Pour téléphoner avec un Bi-Bop, l'usager devait se placer dans une « zone d'appel » repérée par la signalétique bleu-blanc-vert, sur les poteaux électriques ou les canalisations (on peut encore fréquemment voir ces signalisations, qui n'ont pas été enlevées). Il devait alors « prendre la ligne » en effectuant une manipulation sur le combiné (comme sur un téléphone sans fil domestique), puis composer le numéro.

Pour recevoir des appels, l'usager effectuait la même manipulation pour se localiser puis devait rester positionné dans le rayon d'action de la borne, ce qui était loin d'être simple d'autant qu'il n'y avait pas d'indicateur de la portée du signal. Il devait ensuite attendre l'appel : il fallait donc prévoir à quel moment on allait être appelé. Lorsque l'abonné n'était pas localisé, une messagerie vocale prenait les messages. Ce mode de fonctionnement limité fut le principal inconvénient relevé par les clients.

L'autre élément ayant desservi le Bi-Bop était son impossibilité de passer d'une borne à l'autre. Si l'on s'éloignait de la borne, la communication était coupée. Le problème était que dans une zone dense, la signalétique de la zone d'appel était partout et qu'il était impossible de savoir à quelle borne on était rattaché. D'autant que pour des raisons de sécurité, les bornes étaient le plus souvent dissimulées, donc invisibles.

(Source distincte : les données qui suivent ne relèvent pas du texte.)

Section GreedyFold.
Variables (n m : nat) (f : 'I_n -> 'I_n) (S : 'I_n -> {ffun 'I_m -> bool}).
Variable cond : state n m -> 'I_n -> bool.

Definition greedy_step (st : state n m) (p : 'I_n) : state n m :=
  if cond st p then add_item st (f p) (S (f p)) else st.

Lemma greedy_step_mono (st : state n m) (p j : 'I_n) :
  j \in st.2 -> j \in (greedy_step st p).2.
Proof. by rewrite /greedy_step; case: ifP => //= _ j_st; rewrite in_setU1 j_st orbT. Qed.

Lemma greedy_fold_mono (r : seq 'I_n) (st : state n m) (j : 'I_n) :
  j \in st.2 -> j \in (foldl greedy_step st r).2.
Proof. by elim: r st => //= p r IH st /(greedy_step_mono p); exact: IH. Qed.

Lemma greedy_fold_added (P : pred 'I_n) (r : seq 'I_n) (st : state n m) (j : 'I_n) :
  (forall st p, cond st p -> P p) -> j \in (foldl greedy_step st r).2 ->
  j \in st.2 \/ exists2 p, p \in r & j = f p /\ P p.
Proof.
move=> condP; elim: r st => [|p r IH] st /=; first by left.
case/IH => [|[p' p'r [-> Pp']]]; last by right; exists p' => //; rewrite inE p'r orbT.
rewrite /greedy_step; case: ifP => [cond_p|_]; last by left.
rewrite /= in_setU1 => /orP[/eqP ->|]; last by left.
by right; exists p; [rewrite inE eqxx | split=> //; exact: condP cond_p].
Qed.

Definition budget (st : state n m) (i : 'I_m) : nat :=
  (st.1 i + \sum_(j in st.2) S j i)%N.
Lemma apow_le1 n : 0 <= gamma -> a n <= 1.
Proof.
by case: n => [|n] gamma_ge0; [exact: ler01 | rewrite -(apow1 gamma) apow_le].
Qed.

Lemma apow2_lt1 : 0 < gamma -> a 2 < 1.
Proof.
move=> gamma_gt0; rewrite apowS powR_expR // expR_lt1 mulNr oppr_lt0.
by rewrite mulr_gt0 // ln_gt0 // ltr1n.
Qed.

Lemma apow2X n : a 2 ^+ n = a (2 ^ n).
Proof.
have two_n : (2 ^ n = (2 ^ n).-1.+1)%N by rewrite prednK // expn_gt0.
rewrite two_n /apow /= -two_n !powR_expR ?ltr0n ?expn_gt0 //.
by rewrite -expRM_natl natrX lnXn // mulrnAr mulr_natl.
Qed.

Lemma apow_density k : 0 < gamma -> (3 <= k)%N -> 1 < (1 - a 2) *+ k.-1 + a k.
Proof.
move=> gamma_gt0 k_ge3.
have k_le : a (2 ^ k.-1) <= a k.
  apply: apow_le; first exact: ltW.
  by have := @ltn_expl 2 k.-1 isT; lia.
have bern : 1 + (a 2 - 1) *+ k.-1 < a 2 ^+ k.-1.
  have := @bernoulli_strict _ (a 2 - 1); rewrite addrCA subrr addr0; apply.
  - by have := apow_ge0 gamma 2; lra.
  - by rewrite subr_eq0 lt_eqF // apow2_lt1.
  - by lia.
rewrite apow2X in bern; rewrite -opprB mulNrn; lra.
Qed.

Lemma apow_sum_unbounded : 0 <= gamma <= 1 ->
  forall n : nat, exists p, n%:R < \sum_(i < p) a i.
Proof.
move=> gamma01 n; apply: contrapT => /forallNP bounded.
have gamma_ge0 : 0 <= gamma by case/andP: gamma01.
apply: (dvg_riemannR gamma01); apply: nondecreasing_is_cvgn.
  move=> m q le_mq; rewrite /series /= (big_cat_nat (leq0n m) le_mq) /= lerDl.
  by apply: sumr_ge0 => i _; exact/ltW/riemannR_gt0.
exists n%:R => _ [m _ <-]; rewrite leNgt; apply/negP => lt_n.
apply: (bounded m.+1); rewrite big_ord_recl add0r.
rewrite /series /= big_mkord in lt_n; congr (_ < _): lt_n.
by apply: eq_bigr => i _; rewrite lift0 apowS powRN.
Qed.

Lemma apow_telescope_step n : 1 <= gamma ->
  (gamma - 1) * a n.+2 <= apow (gamma - 1) n.+1 - apow (gamma - 1) n.+2.
Proof.
move=> gamma_ge1; rewrite lerBrDl !apowS.
have := @powRN_tangent _ (gamma - 1) n.+1%:R n.+2%:R.
rewrite subr_ge0 !ltr0n; move/(_ gamma_ge1 isT isT); apply: le_trans.
have -> : 1 - n.+1%:R / n.+2%:R = n.+2%:R^-1 :> R.
  by rewrite -[n.+2%:R]natr1; field; rewrite nat1r natr1 pnatr_eq0.
have -> : n.+2%:R `^ (- gamma) = n.+2%:R `^ (- (gamma - 1)) * n.+2%:R^-1 :> R.
  by rewrite -powR_inv1 ?ler0n // -powRD ?pnatr_eq0 ?implybT //; congr powR; ring.
by rewrite mulrDr mulr1 lerD2l mulrCA.
Qed.

Lemma apow_sum_le p : 1 <= gamma -> (gamma - 1) * \sum_(i < p) a i <= gamma.
Proof.
move=> gamma_ge1; case: p => [|[|p]].
- by rewrite big_ord0 mulr0 (le_trans ler01).
- by rewrite big_ord1 /= mulr0 (le_trans ler01).
rewrite -(big_mkord xpredT a) !big_nat_recl //= add0r apow1.
suff : (gamma - 1) * \sum_(0 <= i < p) a i.+2 <= 1 by lra.
rewrite mulr_sumr.
apply: le_trans (ler_sum _ (fun i _ => apow_telescope_step i gamma_ge1)) _.
rewrite (@telescope_sumr_eq _ _ _ (fun i => - apow (gamma - 1) i.+1)) //.
  by rewrite opprK apow1 addrC lerBlDr lerDl apow_ge0.
by move=> i _; rewrite opprK addrC.
Qed.

Lemma apow_sum_unbounded_iff : 0 <= gamma ->
  (forall n : nat, exists p, n%:R < \sum_(i < p) a i) <-> gamma <= 1.
Proof.
move=> gamma_ge0; split => [unbounded | gamma_le1];
  last exact/apow_sum_unbounded/andP.
rewrite leNgt; apply/negP => gamma_gt1.
have t_gt0 : 0 < gamma - 1 by rewrite subr_gt0.
have [p] := unbounded (Num.Def.archi_bound (gamma / (gamma - 1))).
have := archi_boundP (divr_ge0 gamma_ge0 (ltW t_gt0)).
rewrite ltr_pdivrMr // => lt_bound lt_sum.
have := apow_sum_le p (ltW gamma_gt1).
by rewrite leNgt mulrC (lt_trans lt_bound) // ltr_pM2r.
Qed.

End Apow.

Theorem corollary1 (R : realType) (gamma : R) (hgamma : 0 < gamma) :
  density_axiom (lin_cent (apow gamma)) /\
  (size_axiom (lin_cent (apow gamma)) <-> gamma <= 1).
Proof.
have gamma_ge0 := ltW hgamma.
split.
  apply: density_axiom_lin_cent => k k_ge3.
  by rewrite apow1; exact: apow_density.
rewrite size_axiom_lin_cent; first exact: apow_sum_unbounded_iff.
- by [].
- exact: apow1.
- exact: apow_ge0.
- by move=> i; exact: apow_le1.
Qed.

En entreprise et à la maison

Il a été prévu également d'introduire le Bi-Bop à l'intérieur des foyers par l'intermédiaire d'une base vendue en complément. Cette base permettait d'utiliser le Bi-Bop comme un téléphone sans fil classique, au tarif des communications normales. Cependant, le coût élevé de cette base n'a pas permis de développer commercialement cette possibilité.
Dans l'entreprise, le Bi-Bop était prévu pour être rattaché à un PABX.
L'adjonction d'un frontal au commutateur privé pouvait permettre au personnel de lancer et même de recevoir des appels dans la zone de couverture de chacune des bornes, réparties au sein de l'établissement.
Il était possible d'utiliser les Bi-Bop de l'entreprise comme des interphones. Mais, au rendez-vous des PABX compatibles Bi-Bop, Alcatel manque à l'appel. Cet acteur incontournable du monde des autocoms s'est aligné sur le futur standard Digital Enhanced Cordless Telephone (DECT), plutôt que de suivre la norme CT2/CAI (Cordless Telephone second generation/Common Air Interface), ce qui se comprend aisément du fait que la norme européenne DECT est plus professionnelle.